(* If w preserves the strict v-order on a finite set S containing 0, the a_i and
   the supports of the F i, then the hypothesis at v yields the conclusion at w:
   in_w F = in_w (in_v F), and the maximal w-degrees of F sit inside the
   maximal v-degrees. *)
Lemma good_of_order_preserving (w : 'rV[R]_n) (S : seq (expo n)) :
  w != 0 -> 0 \in S -> (forall i, a i \in S) -> (forall i b, F i b != 0 -> b \in S) ->
  (forall b b', b \in S -> b' \in S -> vdot v b < vdot v b' -> vdot w b < vdot w b') ->
  good a I J w F.
Proof.
move=> w0 S0 Sa SF hord.
have [bv hbv] := choice (fun i => lead_exists v (hF i) (Apos_initv_nz (hA i))).
pose d i := vdot v (bv i).
have in_vE i b : initv v (F i) b = if vdot v b == d i then F i b else 0.
  exact: initv_lead.
have dominated i b : F i b != 0 -> initv v (F i) b = 0 ->
    exists2 b', initv v (F i) b' != 0 & vdot w b < vdot w b'.
  move=> fb; rewrite in_vE; case: eqP => [_ /eqP|hne _]; first by rewrite (negPf fb).
  exists (bv i); first by rewrite in_vE eqxx; case: (hbv i).
  apply: hord; [exact: SF fb | exact: SF (proj1 (hbv i)) |].
  by rewrite lt_neqAle; apply/andP; split; [exact/eqP | case: (hbv i) => _; apply].
have [be hbe] := choice (fun i => lead_exists w (finsupp_initv v (hF i)) (proj2 (proj2 (hA i)))).
have restr i b : initv v (F i) b != 0 -> initv v (F i) b = F i b by exact: initv_nz.
have leadF i : is_lead w (F i) (be i).
  exact: (@lead_restrict _ _ w (F i) (initv v (F i)) (restr i) (dominated i) _ (hbe i)).
have dbe i : vdot v (be i) = d i.
  by have := proj1 (hbe i); rewrite in_vE; case: (vdot v (be i) =P d i); rewrite ?eqxx.
have beS i : be i \in S := SF _ _ (proj1 (leadF i)).
split=> [i|].
  rewrite (initv_restrict (restr i) (dominated i) (finsupp_initv v (hF i))).
    exact: Apos_initv.
  exact: proj2 (proj2 (hA i)).
have /set0Pn [x] := hH w0; rewrite finset.in_setI => /andP[hO].
rewrite (in_Mv _ (fun i _ => degv_lead (hbe i))) => /andP[xI' /forallP hx].
move: xI'; rewrite (in_Mv _ (fun i _ => degv_lead (hbv i))) => /andP[xI /forallP hdx].
apply/set0Pn; exists x; rewrite finset.in_setI; apply/andP; split.
  have /fintype.subsetP hOv := Ov_subset S0 Sa hord.
  move: hO; rewrite !finset.in_setU => /orP[->//|/orP[/hOv ->//|->]].
  by rewrite orbT.
rewrite (in_Mv _ (fun i _ => degv_lead (leadF i))) xI /=.
apply/forallP => i'; apply/implyP => i'I.
have := hdx i'; rewrite i'I /= => hle.
have [heq|hne] := eqVneq (d i') (d x).
  have := hx i'; rewrite (in_Mv _ (fun i _ => degv_lead (hbv i))) i'I /= => /implyP; apply.
  apply/forallP => i''; apply/implyP => i''I.
  by have := hdx i''; rewrite i''I /=; move: heq; rewrite /d => ->.
by apply/ltW/hord => //; rewrite !dbe lt_neqAle hne.
Qed.

Lemma good_nbhd : exists2 eps : R, 0 < eps &
  forall (lam : R) (w : 'rV[R]_n), 0 < lam -> w != 0 ->
    (forall j, `|w 0 j - lam * v 0 j| < lam * eps) -> good a I J w F.
Proof.
have [s hs] := choice (fun i => hF i).
pose S := 0 :: [seq a i | i <- enum 'I_K] ++ flatten [seq s i | i <- enum 'I_K].
have [eps eps0 hord] := order_preserving_nbhd v S.
exists eps => // lam w lam0 w0 hw.
apply: (good_of_order_preserving (S := S) w0) => [||i b fb|]; first exact: mem_head.
- by move=> i; rewrite inE mem_cat map_f ?mem_enum ?orbT.
- rewrite inE mem_cat; apply/orP; right; apply/orP; right.
  by apply/flattenP; exists (s i); [apply: map_f; rewrite mem_enum | exact: hs].
- exact: hord lam0 hw.
Qed.

End Local.

Definition shiftsum (R : realType) n K (G : 'rV[R]_n -> lvec R n K)
  (c : 'rV[R]_n -> expo n) (s : seq 'rV[R]_n) : lvec R n K :=
  fun i b => \sum_(v <- s) G v i (b - c v).

Definition monomial (R : realType) n (c : expo n) : lpoly R n :=
  fun c0 => if c0 == c then 1 else 0.

Lemma shiftsum_mem (R : realType) n K (M : set (lvec R n K)) (G : 'rV[R]_n -> lvec R n K)
  (c : 'rV[R]_n -> expo n) (s : seq 'rV[R]_n) :
  Asubmodule M -> (forall v, v \in s -> M (G v)) -> M (shiftsum G c s).
Proof.
move=> [_ h0 hadd hmul]; elim: s => [|v s IH] hs.
  suff -> : shiftsum G c [::] = (fun _ _ => 0) by [].
  by apply: funext => i; apply: funext => b; rewrite /shiftsum big_nil.
have Mv : M (fun i => lmul (monomial R (c v)) (G v i) [:: c v]).
  have supp c0 : monomial R (c v) c0 != 0 -> c0 \in [:: c v].
    by rewrite /monomial; case: (c0 =P c v) => [->|_]; rewrite ?mem_head ?eqxx.
  by apply: hmul (hs v (mem_head _ _)) => //; exists [:: c v].
have := hadd _ _ Mv (IH (fun x xs => hs x (@mem_behead _ (v :: s) _ xs))).
congr M; apply: funext => i; apply: funext => b.
by rewrite /shiftsum big_cons /lmul big_seq1 /monomial eqxx mul1r.
Qed.
Definition qapprox (n : nat) : R := quad_sqrt2 R (qden n) (qnum n (num n)) (sqrt2_coef n).

Definition xi : R := sup (range rapprox).

Lemma sqrt2_coef_bounds n : 0 < (sqrt2_coef n)%:~R * (Num.sqrt 2 : R) <= 3.
Proof.
have s2 := sqr_sqrtr (ler0n R 2); have s1 := sqrt2_gt1 R.
by rewrite /sqrt2_coef; case: (sg n) => /=; apply/andP; split; nra.
Qed.

Lemma qapprox_rapprox n :
  qapprox n = rapprox n + (sqrt2_coef n)%:~R * Num.sqrt 2 / (qden n)%:R.
Proof.
have d0 : (den n)%:R != 0 :> R by rewrite pnatr_eq0 -lt0n den_gt0.
rewrite /qapprox /quad_sqrt2 /rapprox /qnum /qden expnS intrM -!pmulrn !natrM !natrX.
by field; rewrite d0 expf_neq0.
Qed.

Lemma rapproxS_bounds n : qapprox n < rapprox n.+1 <= qapprox n + (den n.+1)%:R^-1.
Proof. by apply: floor_succ_div_bounds; rewrite ltr0n den_gt0. Qed.

Lemma rapprox_lt n : rapprox n < rapprox n.+1.
Proof.
have /andP[cs0 _] := sqrt2_coef_bounds n; have /andP[lt_qS _] := rapproxS_bounds n.
apply: le_lt_trans lt_qS; rewrite qapprox_rapprox lerDl ltW //.
by rewrite divr_gt0 // ltr0n qden_gt0.
Qed.

Lemma rapprox_tail n : rapprox n.+1 + 8 / (qden n.+1)%:R <= rapprox n + 8 / (qden n)%:R.
Proof.
have /andP[_ cs3] := sqrt2_coef_bounds n; have /andP[_ le_Sq] := rapproxS_bounds n.
have Q0 : 0 < (qden n)%:R :> R by rewrite ltr0n qden_gt0.
have D0 : 0 < (den n.+1)%:R :> R by rewrite ltr0n den_gt0.
have QD : (den n.+1)%:R^-1 <= (qden n)%:R^-1 / 81%:R :> R.
  rewrite -invfM lef_pV2 ?posrE ?mulr_gt0 ?ltr0n ?den_gt0 ?qden_gt0 //.
  by have := qden_le_denS n; rewrite -(ler_nat R) natrM mulrC.
have DQ : (qden n.+1)%:R^-1 <= (den n.+1)%:R^-1 :> R.
  by rewrite lef_pV2 ?posrE ?ltr0n ?qden_gt0 ?den_gt0 // ler_nat den_le_qden.
have cQ : (sqrt2_coef n)%:~R * Num.sqrt 2 / (qden n)%:R <= 3 / (qden n)%:R :> R.
  by rewrite ler_wpM2r // invr_ge0 ltW.
have iQ0 : 0 < (qden n)%:R^-1 :> R by rewrite invr_gt0.
rewrite qapprox_rapprox in le_Sq; lra.
Qed.

Lemma xi_bounds n : rapprox n <= xi <= rapprox n + 8 / (qden n)%:R.
Proof.
apply: (sup_range_sandwich (v := fun k => rapprox k + 8 / (qden k)%:R)) => k.
- exact/ltW/rapprox_lt.
- exact: rapprox_tail.
- by rewrite lerDl divr_ge0 ?ler0n.
Qed.

Lemma rapprox_lt_xi n : rapprox n < xi.
Proof. by have /andP[+ _] := xi_bounds n.+1; apply: lt_le_trans (rapprox_lt n). Qed.

Lemma num_bounds n : 0 <= num n <= den n.
Proof.
have D0 : 0 < (den n)%:R :> R by rewrite ltr0n den_gt0.
have numE : (num n)%:~R = rapprox n * (den n)%:R by rewrite divfK ?gt_eqF.
have S0n : 0 <= rapprox n.
  have -> : 0 = rapprox 0 by rewrite /rapprox mul0r.
  by apply: (nondecreasing_seqP rapprox).1 => // k; apply/ltW/rapprox_lt.
have Sn1 : rapprox n <= 1.
  have /andP[_ xi1] := xi_bounds 0; have /andP[Sxi _] := xi_bounds n.
  apply: le_trans Sxi _; apply: le_trans xi1 _.
  by rewrite /rapprox mul0r add0r divff // pnatr_eq0 -lt0n qden_gt0.
apply/andP; split; first by rewrite -(ler0z R) numE mulr_ge0 // ltW.
by rewrite -(ler_int R) numE -pmulrn ler_piMl // ltW.
Qed.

# Task goal:
Return the final stretch of the listing exactly, starting with the line that contains "have Sn1 : rapprox n <= 1." and ending with the last line.

# Completed task:
have Sn1 : rapprox n <= 1.
  have /andP[_ xi1] := xi_bounds 0; have /andP[Sxi _] := xi_bounds n.
  apply: le_trans Sxi _; apply: le_trans xi1 _.
  by rewrite /rapprox mul0r add0r divff // pnatr_eq0 -lt0n qden_gt0.
apply/andP; split; first by rewrite -(ler0z R) numE mulr_ge0 // ltW.
by rewrite -(ler_int R) numE -pmulrn ler_piMl // ltW.
Qed.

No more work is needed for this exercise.